Restate word for word the entries below, starting with the line with "End ComplexExponential." and continuing through the line with "move=> k_le; exists". Include both of those lines and no others.

[Saved data entries]
◇ ◇ ◇
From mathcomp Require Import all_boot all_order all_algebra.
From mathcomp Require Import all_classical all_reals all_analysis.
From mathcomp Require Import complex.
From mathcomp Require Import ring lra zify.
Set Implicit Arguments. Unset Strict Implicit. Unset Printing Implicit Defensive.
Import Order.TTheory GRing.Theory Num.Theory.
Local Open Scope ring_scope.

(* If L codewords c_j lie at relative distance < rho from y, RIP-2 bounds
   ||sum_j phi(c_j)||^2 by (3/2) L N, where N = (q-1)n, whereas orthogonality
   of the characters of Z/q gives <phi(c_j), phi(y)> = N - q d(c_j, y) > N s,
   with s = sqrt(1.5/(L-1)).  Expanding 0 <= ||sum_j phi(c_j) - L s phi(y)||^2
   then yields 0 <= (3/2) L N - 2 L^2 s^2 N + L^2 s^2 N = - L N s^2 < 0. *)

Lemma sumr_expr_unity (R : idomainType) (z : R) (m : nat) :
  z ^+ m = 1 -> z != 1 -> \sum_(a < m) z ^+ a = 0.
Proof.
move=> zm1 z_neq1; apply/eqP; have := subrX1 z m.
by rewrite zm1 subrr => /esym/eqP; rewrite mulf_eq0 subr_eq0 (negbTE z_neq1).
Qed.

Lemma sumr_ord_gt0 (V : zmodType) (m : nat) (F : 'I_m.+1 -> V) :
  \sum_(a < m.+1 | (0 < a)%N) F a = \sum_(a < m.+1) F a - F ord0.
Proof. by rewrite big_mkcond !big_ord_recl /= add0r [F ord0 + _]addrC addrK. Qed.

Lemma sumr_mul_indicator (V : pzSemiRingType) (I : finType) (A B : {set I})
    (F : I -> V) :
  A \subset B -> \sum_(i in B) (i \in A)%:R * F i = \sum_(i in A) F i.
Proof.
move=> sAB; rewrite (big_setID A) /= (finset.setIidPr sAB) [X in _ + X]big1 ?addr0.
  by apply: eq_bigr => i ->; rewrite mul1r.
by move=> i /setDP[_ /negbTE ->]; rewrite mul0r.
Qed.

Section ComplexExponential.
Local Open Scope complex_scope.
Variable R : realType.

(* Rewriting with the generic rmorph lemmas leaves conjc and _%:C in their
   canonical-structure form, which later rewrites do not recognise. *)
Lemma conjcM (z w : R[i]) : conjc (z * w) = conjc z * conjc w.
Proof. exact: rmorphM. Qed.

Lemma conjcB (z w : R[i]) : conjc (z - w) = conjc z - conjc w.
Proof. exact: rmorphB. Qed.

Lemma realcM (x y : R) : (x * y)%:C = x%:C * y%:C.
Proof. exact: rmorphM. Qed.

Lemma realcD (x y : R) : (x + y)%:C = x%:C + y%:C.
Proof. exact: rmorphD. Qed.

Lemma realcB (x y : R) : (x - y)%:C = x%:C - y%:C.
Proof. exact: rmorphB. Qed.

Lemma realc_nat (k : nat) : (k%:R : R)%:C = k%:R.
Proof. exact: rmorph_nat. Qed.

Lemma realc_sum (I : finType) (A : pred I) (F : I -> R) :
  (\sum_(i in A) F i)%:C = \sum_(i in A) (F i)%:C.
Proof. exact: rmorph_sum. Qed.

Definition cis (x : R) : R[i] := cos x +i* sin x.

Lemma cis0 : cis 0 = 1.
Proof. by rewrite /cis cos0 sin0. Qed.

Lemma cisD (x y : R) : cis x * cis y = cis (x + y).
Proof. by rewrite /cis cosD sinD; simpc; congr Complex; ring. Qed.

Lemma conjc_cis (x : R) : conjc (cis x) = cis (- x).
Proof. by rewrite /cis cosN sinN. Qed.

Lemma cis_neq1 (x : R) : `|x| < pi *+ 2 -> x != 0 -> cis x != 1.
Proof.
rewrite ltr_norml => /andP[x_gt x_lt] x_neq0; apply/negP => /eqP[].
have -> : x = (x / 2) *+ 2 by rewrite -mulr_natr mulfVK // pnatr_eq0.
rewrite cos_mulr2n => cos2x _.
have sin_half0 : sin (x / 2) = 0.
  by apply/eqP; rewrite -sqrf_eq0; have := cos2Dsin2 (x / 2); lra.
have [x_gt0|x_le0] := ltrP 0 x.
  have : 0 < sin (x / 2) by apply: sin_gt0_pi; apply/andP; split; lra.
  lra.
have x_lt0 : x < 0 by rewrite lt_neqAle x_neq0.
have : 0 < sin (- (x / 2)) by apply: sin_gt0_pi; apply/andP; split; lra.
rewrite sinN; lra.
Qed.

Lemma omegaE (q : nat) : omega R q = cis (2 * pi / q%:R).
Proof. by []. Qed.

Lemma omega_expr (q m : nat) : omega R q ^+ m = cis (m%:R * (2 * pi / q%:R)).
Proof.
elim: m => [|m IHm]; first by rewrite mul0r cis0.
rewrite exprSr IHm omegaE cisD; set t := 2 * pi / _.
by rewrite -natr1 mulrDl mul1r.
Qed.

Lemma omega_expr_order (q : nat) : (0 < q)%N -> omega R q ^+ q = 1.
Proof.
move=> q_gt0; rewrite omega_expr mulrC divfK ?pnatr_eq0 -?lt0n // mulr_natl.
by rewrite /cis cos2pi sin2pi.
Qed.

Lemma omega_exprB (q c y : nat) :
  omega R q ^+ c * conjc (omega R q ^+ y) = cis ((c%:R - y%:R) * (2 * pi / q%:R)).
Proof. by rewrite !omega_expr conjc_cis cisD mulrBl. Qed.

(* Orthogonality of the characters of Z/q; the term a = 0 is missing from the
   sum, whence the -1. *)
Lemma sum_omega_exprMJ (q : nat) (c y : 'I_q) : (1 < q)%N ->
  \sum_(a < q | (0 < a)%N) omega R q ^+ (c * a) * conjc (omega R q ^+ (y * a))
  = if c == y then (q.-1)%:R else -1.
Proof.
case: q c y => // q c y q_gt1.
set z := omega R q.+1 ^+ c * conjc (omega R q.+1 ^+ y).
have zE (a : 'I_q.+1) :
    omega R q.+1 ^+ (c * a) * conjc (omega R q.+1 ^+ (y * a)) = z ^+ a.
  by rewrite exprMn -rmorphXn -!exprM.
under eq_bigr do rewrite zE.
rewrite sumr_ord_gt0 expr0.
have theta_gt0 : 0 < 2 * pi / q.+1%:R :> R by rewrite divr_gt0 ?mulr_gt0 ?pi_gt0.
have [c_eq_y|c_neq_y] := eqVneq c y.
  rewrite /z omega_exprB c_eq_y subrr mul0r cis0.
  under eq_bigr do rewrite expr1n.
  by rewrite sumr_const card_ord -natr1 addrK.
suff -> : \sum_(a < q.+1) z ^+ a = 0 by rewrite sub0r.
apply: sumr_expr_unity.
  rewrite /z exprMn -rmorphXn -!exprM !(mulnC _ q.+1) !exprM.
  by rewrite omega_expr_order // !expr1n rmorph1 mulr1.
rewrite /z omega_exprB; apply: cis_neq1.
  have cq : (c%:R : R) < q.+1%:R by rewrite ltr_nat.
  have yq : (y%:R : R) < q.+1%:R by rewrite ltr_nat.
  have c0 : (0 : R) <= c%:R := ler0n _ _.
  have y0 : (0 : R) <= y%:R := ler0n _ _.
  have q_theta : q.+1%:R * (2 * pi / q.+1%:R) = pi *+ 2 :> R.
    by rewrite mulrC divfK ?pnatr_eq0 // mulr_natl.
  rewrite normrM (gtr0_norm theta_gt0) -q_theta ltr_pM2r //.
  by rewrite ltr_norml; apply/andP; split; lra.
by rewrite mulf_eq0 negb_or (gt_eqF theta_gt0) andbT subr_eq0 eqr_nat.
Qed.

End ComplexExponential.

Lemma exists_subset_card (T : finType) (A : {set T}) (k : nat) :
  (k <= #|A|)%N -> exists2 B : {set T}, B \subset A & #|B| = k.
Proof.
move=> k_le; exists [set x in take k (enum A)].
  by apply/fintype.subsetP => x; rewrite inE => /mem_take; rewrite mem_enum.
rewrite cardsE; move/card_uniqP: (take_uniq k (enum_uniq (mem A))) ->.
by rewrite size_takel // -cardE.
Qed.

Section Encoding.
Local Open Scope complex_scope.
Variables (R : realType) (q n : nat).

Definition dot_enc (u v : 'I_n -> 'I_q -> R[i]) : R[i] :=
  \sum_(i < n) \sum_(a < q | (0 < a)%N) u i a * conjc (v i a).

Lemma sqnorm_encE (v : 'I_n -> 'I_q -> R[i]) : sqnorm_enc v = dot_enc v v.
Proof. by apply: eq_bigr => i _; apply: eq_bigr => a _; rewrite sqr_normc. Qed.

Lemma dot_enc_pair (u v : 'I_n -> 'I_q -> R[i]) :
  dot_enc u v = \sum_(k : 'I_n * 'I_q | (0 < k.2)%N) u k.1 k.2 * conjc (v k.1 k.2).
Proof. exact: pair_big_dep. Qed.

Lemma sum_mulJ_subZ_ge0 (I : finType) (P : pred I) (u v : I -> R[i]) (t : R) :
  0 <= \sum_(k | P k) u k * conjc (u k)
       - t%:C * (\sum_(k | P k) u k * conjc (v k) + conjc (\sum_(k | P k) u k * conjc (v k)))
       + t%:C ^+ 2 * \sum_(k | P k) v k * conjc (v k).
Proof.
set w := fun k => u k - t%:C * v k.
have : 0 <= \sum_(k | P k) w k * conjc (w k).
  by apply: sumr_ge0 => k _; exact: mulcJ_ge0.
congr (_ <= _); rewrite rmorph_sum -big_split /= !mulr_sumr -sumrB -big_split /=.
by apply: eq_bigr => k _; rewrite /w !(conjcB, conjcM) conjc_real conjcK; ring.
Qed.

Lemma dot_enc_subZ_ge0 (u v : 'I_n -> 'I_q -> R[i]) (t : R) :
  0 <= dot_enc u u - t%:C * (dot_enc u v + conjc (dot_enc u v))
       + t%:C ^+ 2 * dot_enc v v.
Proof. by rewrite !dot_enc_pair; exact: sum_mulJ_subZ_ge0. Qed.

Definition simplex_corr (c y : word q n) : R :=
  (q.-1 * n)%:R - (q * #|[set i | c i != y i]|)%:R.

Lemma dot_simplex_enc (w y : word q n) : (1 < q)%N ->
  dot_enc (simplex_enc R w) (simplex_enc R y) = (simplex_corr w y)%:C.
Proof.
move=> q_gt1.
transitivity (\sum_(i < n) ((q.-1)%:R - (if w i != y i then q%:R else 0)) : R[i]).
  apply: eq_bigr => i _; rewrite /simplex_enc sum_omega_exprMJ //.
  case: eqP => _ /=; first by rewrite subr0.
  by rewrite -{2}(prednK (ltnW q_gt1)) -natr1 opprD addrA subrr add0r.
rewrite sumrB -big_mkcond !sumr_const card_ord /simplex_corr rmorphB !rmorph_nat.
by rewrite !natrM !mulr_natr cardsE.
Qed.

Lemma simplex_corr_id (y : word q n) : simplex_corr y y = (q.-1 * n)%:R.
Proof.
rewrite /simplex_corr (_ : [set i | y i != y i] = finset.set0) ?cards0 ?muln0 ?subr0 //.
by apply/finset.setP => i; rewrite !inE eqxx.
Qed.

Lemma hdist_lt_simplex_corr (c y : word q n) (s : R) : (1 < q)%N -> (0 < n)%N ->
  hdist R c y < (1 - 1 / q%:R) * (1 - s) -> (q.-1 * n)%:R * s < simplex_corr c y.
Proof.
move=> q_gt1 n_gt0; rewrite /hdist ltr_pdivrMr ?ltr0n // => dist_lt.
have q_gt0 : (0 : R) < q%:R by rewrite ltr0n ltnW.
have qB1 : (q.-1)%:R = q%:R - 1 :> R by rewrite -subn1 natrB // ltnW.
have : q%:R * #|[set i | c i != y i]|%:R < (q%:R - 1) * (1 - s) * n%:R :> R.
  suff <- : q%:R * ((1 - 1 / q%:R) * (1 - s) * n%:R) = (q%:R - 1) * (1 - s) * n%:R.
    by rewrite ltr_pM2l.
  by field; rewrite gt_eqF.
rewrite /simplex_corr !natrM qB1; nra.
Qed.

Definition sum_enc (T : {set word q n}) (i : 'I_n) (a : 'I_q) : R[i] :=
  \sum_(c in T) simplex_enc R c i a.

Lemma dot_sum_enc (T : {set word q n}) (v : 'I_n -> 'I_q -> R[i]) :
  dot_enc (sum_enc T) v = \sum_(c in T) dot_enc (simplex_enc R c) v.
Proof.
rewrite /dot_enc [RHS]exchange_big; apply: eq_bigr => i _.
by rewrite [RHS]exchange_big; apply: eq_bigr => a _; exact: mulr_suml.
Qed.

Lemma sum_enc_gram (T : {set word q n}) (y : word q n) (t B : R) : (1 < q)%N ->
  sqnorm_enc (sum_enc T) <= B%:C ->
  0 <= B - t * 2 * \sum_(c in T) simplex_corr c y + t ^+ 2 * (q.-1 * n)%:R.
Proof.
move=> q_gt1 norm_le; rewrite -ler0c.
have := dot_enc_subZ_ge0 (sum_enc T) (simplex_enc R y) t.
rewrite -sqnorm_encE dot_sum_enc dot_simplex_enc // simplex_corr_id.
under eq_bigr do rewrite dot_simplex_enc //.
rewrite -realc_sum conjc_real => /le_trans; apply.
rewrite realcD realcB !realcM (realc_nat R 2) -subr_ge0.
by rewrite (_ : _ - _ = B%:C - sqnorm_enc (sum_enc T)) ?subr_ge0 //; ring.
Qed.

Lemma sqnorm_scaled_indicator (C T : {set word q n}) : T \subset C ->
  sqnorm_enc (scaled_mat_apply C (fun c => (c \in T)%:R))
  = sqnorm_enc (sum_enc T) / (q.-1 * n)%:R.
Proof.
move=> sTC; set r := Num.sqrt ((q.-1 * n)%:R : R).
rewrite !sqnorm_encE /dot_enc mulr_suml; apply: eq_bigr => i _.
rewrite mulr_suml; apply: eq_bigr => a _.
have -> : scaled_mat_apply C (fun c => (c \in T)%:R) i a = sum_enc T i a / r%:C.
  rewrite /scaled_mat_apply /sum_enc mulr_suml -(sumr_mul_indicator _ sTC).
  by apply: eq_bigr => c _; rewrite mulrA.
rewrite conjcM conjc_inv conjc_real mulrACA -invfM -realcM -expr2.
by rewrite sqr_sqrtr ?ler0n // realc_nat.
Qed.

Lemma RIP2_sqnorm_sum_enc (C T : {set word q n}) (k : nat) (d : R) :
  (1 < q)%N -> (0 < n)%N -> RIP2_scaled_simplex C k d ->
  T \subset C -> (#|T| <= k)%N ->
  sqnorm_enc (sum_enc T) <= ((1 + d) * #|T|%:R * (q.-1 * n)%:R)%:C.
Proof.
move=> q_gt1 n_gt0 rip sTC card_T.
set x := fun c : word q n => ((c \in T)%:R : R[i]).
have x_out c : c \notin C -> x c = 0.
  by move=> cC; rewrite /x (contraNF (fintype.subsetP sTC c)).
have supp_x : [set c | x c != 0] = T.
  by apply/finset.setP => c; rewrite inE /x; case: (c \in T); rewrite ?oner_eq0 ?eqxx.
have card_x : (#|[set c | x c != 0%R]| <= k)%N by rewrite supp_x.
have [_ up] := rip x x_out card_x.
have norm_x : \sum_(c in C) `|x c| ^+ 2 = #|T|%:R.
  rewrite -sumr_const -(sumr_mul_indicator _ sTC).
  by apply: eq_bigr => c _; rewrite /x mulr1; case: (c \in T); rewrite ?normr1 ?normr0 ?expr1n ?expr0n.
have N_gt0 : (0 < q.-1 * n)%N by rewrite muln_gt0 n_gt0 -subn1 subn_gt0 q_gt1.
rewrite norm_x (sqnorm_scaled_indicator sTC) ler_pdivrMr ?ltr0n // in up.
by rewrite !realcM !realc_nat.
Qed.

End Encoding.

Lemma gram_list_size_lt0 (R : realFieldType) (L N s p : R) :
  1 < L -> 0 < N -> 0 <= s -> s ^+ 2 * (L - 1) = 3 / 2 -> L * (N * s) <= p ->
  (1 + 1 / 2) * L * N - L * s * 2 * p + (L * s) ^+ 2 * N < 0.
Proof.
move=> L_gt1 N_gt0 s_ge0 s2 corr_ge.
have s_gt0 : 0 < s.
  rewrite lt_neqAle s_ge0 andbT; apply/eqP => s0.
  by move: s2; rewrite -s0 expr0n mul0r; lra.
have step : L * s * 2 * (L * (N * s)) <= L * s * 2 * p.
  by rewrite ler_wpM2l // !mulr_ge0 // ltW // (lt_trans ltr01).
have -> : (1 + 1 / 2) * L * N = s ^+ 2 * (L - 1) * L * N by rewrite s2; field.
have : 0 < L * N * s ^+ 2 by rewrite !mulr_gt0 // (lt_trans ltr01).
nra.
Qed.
◇ ◇ ◇
*Exercise result*
End ComplexExponential.

Lemma exists_subset_card (T : finType) (A : {set T}) (k : nat) :
  (k <= #|A|)%N -> exists2 B : {set T}, B \subset A & #|B| = k.
Proof.
move=> k_le; exists [set x in take k (enum A)].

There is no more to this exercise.